#### [Description of the task]
Check each line of the material below for the string "structure" and reply with how many have it, nothing more.

#### [Data excerpts]

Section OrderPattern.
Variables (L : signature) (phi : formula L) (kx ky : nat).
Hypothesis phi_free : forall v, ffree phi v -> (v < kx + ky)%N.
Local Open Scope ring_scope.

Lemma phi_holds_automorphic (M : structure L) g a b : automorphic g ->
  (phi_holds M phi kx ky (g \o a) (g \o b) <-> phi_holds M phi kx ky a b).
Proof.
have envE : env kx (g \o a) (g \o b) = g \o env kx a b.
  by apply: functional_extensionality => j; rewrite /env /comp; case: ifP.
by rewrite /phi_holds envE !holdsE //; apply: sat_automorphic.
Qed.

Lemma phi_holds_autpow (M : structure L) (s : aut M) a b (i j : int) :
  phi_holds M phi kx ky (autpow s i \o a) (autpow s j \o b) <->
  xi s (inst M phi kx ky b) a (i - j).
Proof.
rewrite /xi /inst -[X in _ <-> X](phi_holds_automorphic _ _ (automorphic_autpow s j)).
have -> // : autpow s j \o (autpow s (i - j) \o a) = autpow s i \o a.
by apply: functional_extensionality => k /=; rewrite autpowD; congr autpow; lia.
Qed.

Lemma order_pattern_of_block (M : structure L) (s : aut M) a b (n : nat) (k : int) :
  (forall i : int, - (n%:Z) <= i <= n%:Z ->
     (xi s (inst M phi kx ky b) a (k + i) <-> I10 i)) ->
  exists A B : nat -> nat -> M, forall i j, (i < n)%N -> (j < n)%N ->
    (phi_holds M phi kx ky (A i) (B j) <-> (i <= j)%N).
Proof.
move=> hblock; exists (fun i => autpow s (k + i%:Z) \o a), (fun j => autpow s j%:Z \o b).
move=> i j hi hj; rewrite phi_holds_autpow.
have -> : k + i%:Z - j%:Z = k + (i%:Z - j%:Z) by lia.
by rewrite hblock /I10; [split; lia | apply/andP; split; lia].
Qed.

* * *

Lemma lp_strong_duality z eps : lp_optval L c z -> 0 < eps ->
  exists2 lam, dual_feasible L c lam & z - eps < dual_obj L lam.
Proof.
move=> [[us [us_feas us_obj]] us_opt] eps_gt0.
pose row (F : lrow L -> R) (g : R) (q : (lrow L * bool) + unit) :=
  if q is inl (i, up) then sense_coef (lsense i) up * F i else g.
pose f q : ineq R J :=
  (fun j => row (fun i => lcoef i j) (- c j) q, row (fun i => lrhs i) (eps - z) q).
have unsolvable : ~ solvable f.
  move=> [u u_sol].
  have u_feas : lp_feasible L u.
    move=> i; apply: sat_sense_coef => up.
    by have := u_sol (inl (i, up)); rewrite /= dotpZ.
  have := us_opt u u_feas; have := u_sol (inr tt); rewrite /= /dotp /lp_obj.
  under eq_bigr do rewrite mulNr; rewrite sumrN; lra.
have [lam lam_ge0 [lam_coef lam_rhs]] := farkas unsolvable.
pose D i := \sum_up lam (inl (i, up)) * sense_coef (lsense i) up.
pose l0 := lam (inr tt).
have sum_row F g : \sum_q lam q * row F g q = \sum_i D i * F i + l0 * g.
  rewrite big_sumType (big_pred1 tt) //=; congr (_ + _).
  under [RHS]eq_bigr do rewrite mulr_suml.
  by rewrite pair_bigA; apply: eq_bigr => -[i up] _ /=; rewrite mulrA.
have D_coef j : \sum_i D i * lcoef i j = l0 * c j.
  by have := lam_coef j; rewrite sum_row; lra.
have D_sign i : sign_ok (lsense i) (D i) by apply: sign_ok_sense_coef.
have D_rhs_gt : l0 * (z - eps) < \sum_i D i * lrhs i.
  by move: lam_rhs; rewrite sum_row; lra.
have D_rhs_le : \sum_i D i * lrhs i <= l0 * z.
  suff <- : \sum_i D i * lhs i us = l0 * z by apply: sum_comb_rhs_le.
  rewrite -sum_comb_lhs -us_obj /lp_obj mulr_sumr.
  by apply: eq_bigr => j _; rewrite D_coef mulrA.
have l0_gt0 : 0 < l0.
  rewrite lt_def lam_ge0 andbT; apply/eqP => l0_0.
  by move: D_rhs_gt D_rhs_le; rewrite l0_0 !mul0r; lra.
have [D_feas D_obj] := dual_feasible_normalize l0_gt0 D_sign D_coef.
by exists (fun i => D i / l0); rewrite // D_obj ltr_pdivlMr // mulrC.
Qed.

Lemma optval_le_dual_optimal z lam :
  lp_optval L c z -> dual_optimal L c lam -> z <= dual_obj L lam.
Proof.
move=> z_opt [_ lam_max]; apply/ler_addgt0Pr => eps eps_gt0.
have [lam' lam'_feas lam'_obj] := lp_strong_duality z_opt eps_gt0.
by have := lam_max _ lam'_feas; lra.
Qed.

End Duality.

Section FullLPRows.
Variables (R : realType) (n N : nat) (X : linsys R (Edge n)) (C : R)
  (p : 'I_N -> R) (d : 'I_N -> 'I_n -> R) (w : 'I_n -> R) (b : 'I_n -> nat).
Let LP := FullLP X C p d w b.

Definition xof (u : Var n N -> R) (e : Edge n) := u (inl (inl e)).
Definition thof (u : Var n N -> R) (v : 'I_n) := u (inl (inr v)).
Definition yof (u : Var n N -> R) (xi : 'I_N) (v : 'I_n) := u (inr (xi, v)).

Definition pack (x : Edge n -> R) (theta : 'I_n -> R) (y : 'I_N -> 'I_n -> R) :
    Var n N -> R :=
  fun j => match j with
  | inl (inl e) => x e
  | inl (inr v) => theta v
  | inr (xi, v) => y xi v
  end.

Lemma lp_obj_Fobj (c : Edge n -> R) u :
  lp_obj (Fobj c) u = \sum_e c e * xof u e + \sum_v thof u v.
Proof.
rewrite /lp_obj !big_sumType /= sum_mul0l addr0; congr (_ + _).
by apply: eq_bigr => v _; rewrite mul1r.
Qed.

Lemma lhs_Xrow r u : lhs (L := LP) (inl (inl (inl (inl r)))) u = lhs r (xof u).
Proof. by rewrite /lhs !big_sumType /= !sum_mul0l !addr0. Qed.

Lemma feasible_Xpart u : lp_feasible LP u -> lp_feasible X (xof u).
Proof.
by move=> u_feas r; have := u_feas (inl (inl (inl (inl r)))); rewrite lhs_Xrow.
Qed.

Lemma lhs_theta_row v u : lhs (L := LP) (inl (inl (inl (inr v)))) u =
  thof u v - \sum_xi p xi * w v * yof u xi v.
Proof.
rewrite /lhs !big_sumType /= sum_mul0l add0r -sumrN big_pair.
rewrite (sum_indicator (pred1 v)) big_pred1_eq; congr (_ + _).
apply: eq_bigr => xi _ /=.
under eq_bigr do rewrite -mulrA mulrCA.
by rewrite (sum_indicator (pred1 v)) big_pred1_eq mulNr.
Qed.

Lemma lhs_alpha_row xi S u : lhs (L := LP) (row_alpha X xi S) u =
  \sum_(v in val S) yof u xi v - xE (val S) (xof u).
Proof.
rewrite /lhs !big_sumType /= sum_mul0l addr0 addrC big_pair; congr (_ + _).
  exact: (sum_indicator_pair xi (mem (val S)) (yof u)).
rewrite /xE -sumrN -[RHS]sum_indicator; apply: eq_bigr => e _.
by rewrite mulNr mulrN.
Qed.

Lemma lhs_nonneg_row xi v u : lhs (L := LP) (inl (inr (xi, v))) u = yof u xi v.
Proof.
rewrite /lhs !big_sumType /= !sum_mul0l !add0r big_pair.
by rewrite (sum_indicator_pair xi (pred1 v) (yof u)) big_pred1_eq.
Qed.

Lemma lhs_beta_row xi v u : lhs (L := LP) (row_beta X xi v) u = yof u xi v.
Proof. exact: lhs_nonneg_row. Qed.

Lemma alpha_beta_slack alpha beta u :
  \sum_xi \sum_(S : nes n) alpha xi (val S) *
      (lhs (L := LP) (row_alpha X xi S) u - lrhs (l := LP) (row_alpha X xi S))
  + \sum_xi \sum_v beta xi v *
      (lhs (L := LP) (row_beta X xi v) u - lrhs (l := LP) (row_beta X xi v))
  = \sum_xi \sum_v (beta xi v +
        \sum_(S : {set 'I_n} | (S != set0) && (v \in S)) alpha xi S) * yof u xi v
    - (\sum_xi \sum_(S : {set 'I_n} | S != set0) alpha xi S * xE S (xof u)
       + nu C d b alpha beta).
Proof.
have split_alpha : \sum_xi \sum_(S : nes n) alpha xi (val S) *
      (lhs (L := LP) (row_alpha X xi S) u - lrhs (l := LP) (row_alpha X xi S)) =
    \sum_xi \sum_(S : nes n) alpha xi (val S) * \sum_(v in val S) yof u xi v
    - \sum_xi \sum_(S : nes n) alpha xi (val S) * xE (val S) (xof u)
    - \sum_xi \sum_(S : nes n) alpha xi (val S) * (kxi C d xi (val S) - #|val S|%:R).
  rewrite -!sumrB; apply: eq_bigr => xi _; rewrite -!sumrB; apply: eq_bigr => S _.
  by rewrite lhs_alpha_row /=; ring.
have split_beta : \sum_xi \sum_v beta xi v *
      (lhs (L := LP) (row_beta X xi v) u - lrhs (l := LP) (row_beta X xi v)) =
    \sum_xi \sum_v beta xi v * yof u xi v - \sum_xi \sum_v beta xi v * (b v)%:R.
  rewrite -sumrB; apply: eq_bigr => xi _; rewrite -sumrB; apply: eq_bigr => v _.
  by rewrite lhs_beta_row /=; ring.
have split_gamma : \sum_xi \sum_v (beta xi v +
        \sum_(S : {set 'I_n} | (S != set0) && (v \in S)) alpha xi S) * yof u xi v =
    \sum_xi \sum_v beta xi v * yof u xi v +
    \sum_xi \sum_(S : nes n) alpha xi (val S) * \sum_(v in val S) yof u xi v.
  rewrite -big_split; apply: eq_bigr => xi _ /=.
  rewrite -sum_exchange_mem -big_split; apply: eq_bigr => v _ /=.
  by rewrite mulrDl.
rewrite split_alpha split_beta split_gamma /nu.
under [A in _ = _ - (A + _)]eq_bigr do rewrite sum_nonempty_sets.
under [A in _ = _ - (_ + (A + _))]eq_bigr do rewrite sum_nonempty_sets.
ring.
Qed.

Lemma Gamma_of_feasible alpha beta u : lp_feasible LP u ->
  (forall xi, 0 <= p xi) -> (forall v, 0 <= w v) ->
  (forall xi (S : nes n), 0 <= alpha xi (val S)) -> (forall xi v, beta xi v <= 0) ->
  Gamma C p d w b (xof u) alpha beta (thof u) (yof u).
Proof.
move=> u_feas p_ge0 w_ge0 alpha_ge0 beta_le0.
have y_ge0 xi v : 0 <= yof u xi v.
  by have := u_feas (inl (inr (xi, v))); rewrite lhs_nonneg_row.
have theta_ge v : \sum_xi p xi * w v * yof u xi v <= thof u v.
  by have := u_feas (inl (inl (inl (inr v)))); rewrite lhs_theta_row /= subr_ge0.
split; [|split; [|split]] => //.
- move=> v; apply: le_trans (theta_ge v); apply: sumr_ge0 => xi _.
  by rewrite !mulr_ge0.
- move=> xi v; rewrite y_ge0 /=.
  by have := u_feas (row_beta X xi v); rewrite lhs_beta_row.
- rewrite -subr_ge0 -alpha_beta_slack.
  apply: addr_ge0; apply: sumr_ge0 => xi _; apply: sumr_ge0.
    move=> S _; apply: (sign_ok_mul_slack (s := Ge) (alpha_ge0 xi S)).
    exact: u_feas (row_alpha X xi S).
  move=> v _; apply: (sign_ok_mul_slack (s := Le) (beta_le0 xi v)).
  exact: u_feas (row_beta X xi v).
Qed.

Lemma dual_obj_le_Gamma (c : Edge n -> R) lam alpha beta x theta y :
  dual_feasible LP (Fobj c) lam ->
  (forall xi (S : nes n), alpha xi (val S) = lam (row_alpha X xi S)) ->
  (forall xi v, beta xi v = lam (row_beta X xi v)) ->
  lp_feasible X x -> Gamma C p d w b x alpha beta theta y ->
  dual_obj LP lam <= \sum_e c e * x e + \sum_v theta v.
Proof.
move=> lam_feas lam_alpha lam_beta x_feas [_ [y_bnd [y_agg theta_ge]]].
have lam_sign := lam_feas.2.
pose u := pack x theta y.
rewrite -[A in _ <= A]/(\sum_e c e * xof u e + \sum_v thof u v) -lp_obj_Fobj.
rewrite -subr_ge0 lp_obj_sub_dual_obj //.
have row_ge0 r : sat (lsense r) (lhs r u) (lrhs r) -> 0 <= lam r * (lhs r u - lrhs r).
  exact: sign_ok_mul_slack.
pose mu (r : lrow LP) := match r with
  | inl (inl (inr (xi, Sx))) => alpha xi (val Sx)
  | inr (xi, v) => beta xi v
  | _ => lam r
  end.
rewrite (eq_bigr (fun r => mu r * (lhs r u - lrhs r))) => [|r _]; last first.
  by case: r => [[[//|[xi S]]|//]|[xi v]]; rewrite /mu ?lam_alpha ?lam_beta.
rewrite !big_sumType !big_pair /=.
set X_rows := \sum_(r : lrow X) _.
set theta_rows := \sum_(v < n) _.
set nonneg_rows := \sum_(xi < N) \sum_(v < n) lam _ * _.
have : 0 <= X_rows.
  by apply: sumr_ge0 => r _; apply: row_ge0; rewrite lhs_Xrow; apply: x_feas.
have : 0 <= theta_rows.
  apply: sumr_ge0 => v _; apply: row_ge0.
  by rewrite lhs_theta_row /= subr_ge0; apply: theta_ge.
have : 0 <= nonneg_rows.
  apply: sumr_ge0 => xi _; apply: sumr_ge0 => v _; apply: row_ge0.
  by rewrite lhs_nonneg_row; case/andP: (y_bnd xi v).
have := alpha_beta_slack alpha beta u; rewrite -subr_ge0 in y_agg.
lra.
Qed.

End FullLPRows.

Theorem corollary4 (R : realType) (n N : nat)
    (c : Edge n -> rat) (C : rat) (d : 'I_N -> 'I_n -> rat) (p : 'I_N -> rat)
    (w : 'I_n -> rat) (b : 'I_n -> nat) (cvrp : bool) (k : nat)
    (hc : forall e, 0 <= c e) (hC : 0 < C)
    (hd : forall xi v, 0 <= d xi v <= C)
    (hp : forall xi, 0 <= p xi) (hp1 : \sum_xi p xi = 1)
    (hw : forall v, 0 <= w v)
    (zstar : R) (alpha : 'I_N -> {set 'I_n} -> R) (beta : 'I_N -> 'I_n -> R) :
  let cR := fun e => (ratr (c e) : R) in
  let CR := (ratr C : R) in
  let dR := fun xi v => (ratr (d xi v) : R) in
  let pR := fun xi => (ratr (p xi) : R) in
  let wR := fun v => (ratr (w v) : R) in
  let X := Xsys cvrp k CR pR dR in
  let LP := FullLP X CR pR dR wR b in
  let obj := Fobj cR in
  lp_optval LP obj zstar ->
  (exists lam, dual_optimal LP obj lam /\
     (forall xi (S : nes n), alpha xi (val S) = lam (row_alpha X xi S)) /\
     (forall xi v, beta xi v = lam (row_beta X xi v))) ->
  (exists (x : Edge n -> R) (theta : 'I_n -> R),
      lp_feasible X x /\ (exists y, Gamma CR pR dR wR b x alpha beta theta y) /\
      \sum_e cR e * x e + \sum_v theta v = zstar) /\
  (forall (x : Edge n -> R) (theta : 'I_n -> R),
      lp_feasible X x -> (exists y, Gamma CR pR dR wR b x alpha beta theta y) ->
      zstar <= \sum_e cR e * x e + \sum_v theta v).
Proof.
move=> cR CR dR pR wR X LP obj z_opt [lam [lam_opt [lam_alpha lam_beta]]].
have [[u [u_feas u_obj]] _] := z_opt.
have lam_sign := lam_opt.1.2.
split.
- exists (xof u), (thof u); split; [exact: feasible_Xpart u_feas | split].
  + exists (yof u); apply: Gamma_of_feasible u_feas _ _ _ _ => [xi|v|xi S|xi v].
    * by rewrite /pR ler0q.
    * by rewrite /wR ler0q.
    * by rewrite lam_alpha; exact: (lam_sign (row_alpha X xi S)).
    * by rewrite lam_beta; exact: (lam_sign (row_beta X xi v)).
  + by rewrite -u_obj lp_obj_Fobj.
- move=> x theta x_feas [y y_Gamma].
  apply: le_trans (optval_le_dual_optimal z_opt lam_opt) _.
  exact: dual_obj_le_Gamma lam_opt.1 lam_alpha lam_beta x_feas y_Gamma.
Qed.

#### [Exercise solution]
3